If you’re an alcoholic like I am, you learn early in treatment that the geographical escape won’t work. Wherever you go, there you are is the saying. It’s true that the addictive part of my personality follows me from place to place as well as through time. Even so, this move to Colorado has awakened me to an unexpected benefit of leaving a place, especially ones invested with a lot of meaning.
While it’s true, in the wherever you go there you are sense, that these memories and social roles, the feeling of a continuous self that lived outside Nevis, in Irvine Park, worked at the God Box on Franklin Avenue remain, they are no longer a thick web in which I move and live and have my being, they no longer reinforce themselves on a daily, minute by minute basis.

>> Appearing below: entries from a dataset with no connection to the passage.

(* Let $d\ge2$ and let $R=(r_{ij})$ be a real $d\times d$ matrix with $r_{ii}=1$ for all $i$. Assume $R$ is not an $\mathcal S$-matrix, every principal sub-matrix of $R$ other than $R$ itself is completely-$\mathcal S$, and $\det R=0$. Then $R$ has rank $d-1$, there exists a column vector $U>0$ with $RU=0$, and there exists a row vector $a>0$ with $aR=0$.
   Context: $x>0$ (resp. $x\ge0$) means all entries positive (resp. non-negative). A square matrix $M$ is an $\mathcal S$-matrix if there exists a vector $x\ge0$ with $Mx>0$; it is completely-$\mathcal S$ if all its principal sub-matrices (sub-matrices $(m_{ij})_{i,j\in I}$ for non-empty index sets $I$, including the full set) are $\mathcal S$-matrices. *)

From mathcomp Require Import all_boot all_order all_algebra.
Set Implicit Arguments. Unset Strict Implicit. Unset Printing Implicit Defensive.
Import Order.TTheory GRing.Theory Num.Theory.
Local Open Scope ring_scope.

Definition S_matrix (R : realFieldType) (n : nat) (M : 'M[R]_n) : Prop :=
  exists x : 'cV[R]_n, (forall i, 0 <= x i 0) /\ (forall i, 0 < (M *m x) i 0).

(* Principal submatrix of M on the index set I, indexed by 'I_#|I|
   (rows/columns listed in increasing order via enum_val). *)
Definition principal_submx (R : realFieldType) (n : nat) (I : {set 'I_n})
  (M : 'M[R]_n) : 'M[R]_#|I| :=
  \matrix_(i, j) M (enum_val i) (enum_val j).

Definition completely_S (R : realFieldType) (n : nat) (M : 'M[R]_n) : Prop :=
  forall I : {set 'I_n}, I != set0 -> S_matrix (principal_submx I M).

From mathcomp Require Import all_boot all_order all_algebra.
From mathcomp Require Import ring lra zify.
Import Order.TTheory GRing.Theory Num.Theory.
Set Implicit Arguments. Unset Strict Implicit. Unset Printing Implicit Defensive.
Local Open Scope ring_scope.

(* By Ville's theorem of the alternative (proved below by Fourier-Motzkin
   elimination), a matrix fails to be an S-matrix exactly when some row vector
   y >= 0, y <> 0 has y M <= 0.  When M is not an S-matrix but all its proper
   principal submatrices are, such a y is positive, since its support would
   otherwise index a smaller principal submatrix that is not an S-matrix.  For the
   same reason every a with a M = 0 is a multiple of y: moving y along a until a
   coordinate vanishes produces another such certificate, which must then be 0.
   As det M = 0 there is such an a <> 0, whence y M = 0 and rank M = d - 1.
   Finally, transposition preserves complete S-ness and, by a similar shift
   argument, the failure of the S property for such minimal matrices, so the
   positive left null vector of M^T is the required right null vector of M. *)

Section Alternative.
Variable R : realFieldType.

Lemma exists_between (I : finType) (P N : {set I}) (l u : I -> R) (l0 : R) :
  (forall q, q \in N -> l0 < u q) -> (forall p q, p \in P -> q \in N -> l p < u q) ->
  exists t, [/\ l0 < t, forall p, p \in P -> l p < t & forall q, q \in N -> t < u q].
Proof.
move=> l0u lu; set m := \big[Num.max/l0]_(p in P) l p.
set M := \big[Num.min/(m + 1)]_(q in N) u q.
have mM : m < M.
  apply: lt_bigmin => [|q qN]; first lra.
  by apply: bigmax_lt => [|p pP]; [exact: l0u | exact: lu].
have l0m : l0 <= m by apply: bigmax_ge_id.
exists ((m + M) / 2); split => [|p pP|q qN].
- lra.
- have lm : l p <= m by apply: le_bigmax_cond.
  lra.
- have Mu : M <= u q by apply: bigmin_le_cond.
  lra.
Qed.

Lemma min_ratio_test (I : finType) (L : {set I}) (y a : I -> R) i0 :
  (forall i, i \in L -> 0 < y i) -> i0 \in L -> a i0 < 0 ->
  exists2 t, 0 < t & exists2 k, k \in L &
    y k + t * a k = 0 /\ forall i, i \in L -> 0 <= y i + t * a i.
Proof.
move=> ypos i0L ai0.
have i0P : i0 \in [pred i in L | a i < 0] by rewrite inE i0L ai0.
have [k /andP[kL ak] kmin] := arg_minP (fun i => y i / - a i) i0P.
have ak0 : 0 < - a k by rewrite oppr_gt0.
set t := y k / - a k.
exists t; first by rewrite divr_gt0 ?ypos.
exists k => //; split=> [|i iL]; first by rewrite /t; field; rewrite -oppr_eq0 gt_eqF.
have t0 : 0 < t by rewrite divr_gt0 ?ypos.
have yi := ypos i iL; have [ai0'|ai] := ltP (a i) 0; last by nra.
have iP : i \in [pred i in L | a i < 0] by rewrite inE iL ai0'.
have := kmin i iP; rewrite ler_pdivlMr ?oppr_gt0 // mulrN -/t.
lra.
Qed.

Lemma sum_delta (I : finType) (J : {set I}) (F : I -> R) i0 :
  i0 \in J -> \sum_(i in J) (i == i0)%:R * F i = F i0.
Proof.
move=> i0J; rewrite (bigD1 i0) //= eqxx mul1r big1 ?addr0 // => i /andP[_ /negPf->].
exact: mul0r.
Qed.

Section FourierMotzkin.
Variables (T I : finType) (J : {set I}) (a : I -> T -> R) (k0 : T).

(* Elimination of the coordinate [k0]: the new family keeps the [a i] with
   [a i k0 <= 0] (those with [a i k0 < 0] are kept because solutions are sought
   nonnegative) and adds, for each pair [p], [q] with [a p k0 > 0 > a q k0], the
   nonnegative combination of [a p] and [a q] that vanishes at [k0]. *)

Definition fm_vec (j : I + I * I) : T -> R :=
  match j with
  | inl i => a i
  | inr (p, q) => fun k => a p k0 * a q k - a q k0 * a p k
  end.

Definition fm_set : {set I + I * I} :=
  [set j | match j with
           | inl i => (i \in J) && (a i k0 <= 0)
           | inr (p, q) => [&& p \in J, q \in J, 0 < a p k0 & a q k0 < 0]
           end].

Definition fm_weight (j : I + I * I) (i : I) : R :=
  match j with
  | inl i' => (i == i')%:R
  | inr (p, q) => (i == p)%:R * - a q k0 + (i == q)%:R * a p k0
  end.

Lemma fm_vecE j k : j \in fm_set -> fm_vec j k = \sum_(i in J) fm_weight j i * a i k.
Proof.
rewrite inE; case: j => [i' /andP[i'J _] | [p q] /and4P[pJ qJ _ _]] /=.
  by rewrite sum_delta.
under eq_bigr do rewrite mulrDl ![_ * _ * a _ k]mulrAC.
by rewrite big_split /= -!mulr_suml !sum_delta //; ring.
Qed.

Lemma fm_weight_ge0 j i : j \in fm_set -> 0 <= fm_weight j i.
Proof.
rewrite inE; case: j => [i' _ | [p q] /and4P[_ _ ap aq]] /=; first exact: ler0n.
by rewrite addr_ge0 ?mulr_ge0 ?ler0n ?oppr_ge0 ?ltW.
Qed.

Lemma fm_weight_gt0 j : j \in fm_set -> exists2 i, i \in J & 0 < fm_weight j i.
Proof.
rewrite inE; case: j => [i' /andP[i'J _] | [p q] /and4P[pJ _ ap aq]] /=.
  by exists i'; rewrite ?eqxx ?ltr01.
have pq : p != q by apply: contraTneq ap => ->; rewrite -leNgt ltW.
by exists p; rewrite // eqxx (negPf pq) mul1r mul0r addr0 oppr_gt0.
Qed.

Lemma fm_vec_k0 j : j \in fm_set -> fm_vec j k0 <= 0.
Proof. by rewrite inE; case: j => [i /andP[_ //] | [p q] _] /=; rewrite mulrC subrr. Qed.
Lemma Fstab_bijective :
  bijective pi1 -> forall x : R, 1 <= x -> Fstab pi2 x <= (gens_const 0)%:R * x.
Proof.
move=> pi1_bij x x_ge1; set C := gens_const 0.
have x_inv_gt0 : 0 < x^-1 by rewrite invr_gt0; lra.
have C_gt0 : (0 < C)%N by rewrite /C /gens_const; lia.
have eps'_gt0 : 0 < x^-1 / C%:R by rewrite divr_gt0 ?ltr0n.
have eps'_small : (ulen * #|X1|)%:R * (x^-1 / C%:R) <= x^-1 / 2.
  by apply: mulr_div_le_half; rewrite ?ltW // /C /gens_const; lia.
have := valid_transfer x_inv_gt0 eps'_small
  (valid_bijective pi1_hom pi1_bij eps'_gt0).
have -> : Num.min 1 (x^-1 / 2) = x^-1 / 2.
  have x_inv_le1 : x^-1 <= 1 by rewrite invf_le1; lra.
  by apply/min_idPr; lra.
move/Fstab_le/le_trans; apply.
have := normE_transfer_rels [::]; rewrite /normE big_nil muln0 add0n -(ler_nat R).
have : (2 * (#|X2| * (1 + vlen * ulen)))%:R <= C%:R :> R by rewrite ler_nat /C /gens_const; lia.
rewrite invf_div invrK natrM; nra.
Qed.

Lemma Fstab_not_injective (a b : FG X1) (C : nat) :
  stable R pi1 -> a <> b -> pi1 a = pi1 b -> (gens_const (size (ldivw b a)) <= C)%N ->
  forall x : R, 1 <= x -> Fstab pi2 x <= C%:R * Fstab pi1 (C%:R * x).
Proof.
move=> pi1_stable ab pi1_ab; rewrite /gens_const; set k := size _ => C_ge x x_ge1.
have C_gt0 : (0 : R) < C%:R by rewrite ltr0n; lia.
have x_inv_gt0 : 0 < x^-1 by rewrite invr_gt0; lra.
rewrite -ler_pdivrMl //; apply: Fstab_ge => // [|delta E E_valid].
  by rewrite mulr_gt0 //; lra.
have inv_Cx : (C%:R * x)^-1 = x^-1 / C%:R by rewrite invfM mulrC.
have k1_le_C : k.+1%:R <= C%:R :> R by rewrite ler_nat; lia.
have [||normE_gt0 delta_small] := valid_delta_le pi1_hom ab pi1_ab E_valid.
- by rewrite invr_gt0 mulr_gt0 //; lra.
- by rewrite ler_pdivrMr ?mul1r ?mulr_gt0 //; nra.
have delta_le : delta <= x^-1 / 2.
  apply: le_trans delta_small _; rewrite inv_Cx -natrM.
  by apply: mulr_div_le_half; rewrite ?ltW //; lia.
have eps'_small : (ulen * #|X1|)%:R * (C%:R * x)^-1 <= x^-1 / 2.
  by rewrite inv_Cx; apply: mulr_div_le_half; rewrite ?ltW //; lia.
have [/andP[delta_gt0 _] _ _ _] := E_valid.
have := valid_transfer x_inv_gt0 eps'_small E_valid.
rewrite (min_idPl delta_le) => /Fstab_le; rewrite ler_pdivrMl // => /le_trans; apply.
rewrite mulrA ler_pM2r ?invr_gt0 // -natrM ler_nat.
apply: leq_trans (normE_transfer_rels E) _.
apply: (@leq_trans ((vlen + #|X2| * (1 + vlen * ulen)) * normE E)).
  by rewrite mulnDl leq_add2l leq_pmulr.
by rewrite leq_mul2r; apply/orP; right; lia.
Qed.

End ChangeOfGenerators.

Lemma lift_gens (X Y : finType) (G : grp) (pi : FG X -> G) (f : Y -> G) :
  (forall g : G, exists w, pi w = g) -> exists h : Y -> FG X, forall y, pi (h y) = f y.
Proof. by move=> pi_onto; have [h hP] := choice (fun y => pi_onto (f y)); exists h. Qed.

Lemma not_bijective_collision (X : finType) (G : grp) (pi : FG X -> G) :
  (forall g : G, exists w, pi w = g) -> ~ bijective pi -> exists a b, a <> b /\ pi a = pi b.
Proof.
move=> pi_onto pi_nbij; apply: contrapT => no_collision; apply: pi_nbij.
have [pi' pi'K] := choice pi_onto; exists pi' => // w.
by apply: contrapT => w_neq; apply: no_collision; exists (pi' (pi w)), w.
Qed.

Local Open Scope ring_scope.

Theorem proposition2p5 (R : realType) (G : grp) (X1 X2 : finType)
    (pi1 : FG X1 -> G) (pi2 : FG X2 -> G) :
  FG_epi pi1 -> FG_epi pi2 -> stable R pi1 ->
  stable R pi2 /\
  exists C0 : R, 1 <= C0 /\
    forall x : R, 1 <= x ->
      (bijective pi1 -> Fstab pi2 x <= C0 * x) /\
      (~ bijective pi1 -> Fstab pi2 x <= C0 * Fstab pi1 (C0 * x)).
Proof.
move=> [pi1_hom pi1_onto] [pi2_hom pi2_onto] pi1_stable.
have [v pi2_v] : exists v, forall x, pi2 (v x) = pi1 (gen x) := lift_gens _ pi2_onto.
have [u pi1_u] : exists u, forall y, pi1 (u y) = pi2 (gen y) := lift_gens _ pi1_onto.
split; first exact: (transfer_stable pi1_hom pi2_hom pi2_v pi1_u pi1_stable).
have const_ge1 k : 1 <= (gens_const v u k)%:R :> R by rewrite ler1n /gens_const addn_gt0 orbT.
have [pi1_bij|pi1_nbij] := pselect (bijective pi1).
  exists (gens_const v u 0)%:R; split => // x x_ge1; split => // _.
  exact: (Fstab_bijective pi1_hom pi2_hom pi2_v pi1_u pi1_bij x_ge1).
have [a [b [ab pi1_ab]]] := not_bijective_collision pi1_onto pi1_nbij.
exists (gens_const v u (size (ldivw b a)))%:R; split => // x x_ge1; split => // _.
exact: (Fstab_not_injective pi1_hom pi2_hom pi2_v pi1_u pi1_stable ab pi1_ab (leqnn _) x_ge1).
Qed.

And so their impact fades.
This is obvious, yes, but its effect is not. This unexperienced territory leaves open the possibility of new aspects of the self emerging triggered by new relationships, new roles, new physical anchors for memories. Evergreen, for example, now plays a central part in our weekly life. We go over there for Beth Evergreen. We go there to eat. Jon and the grandkids are going there to play in the lake this morning.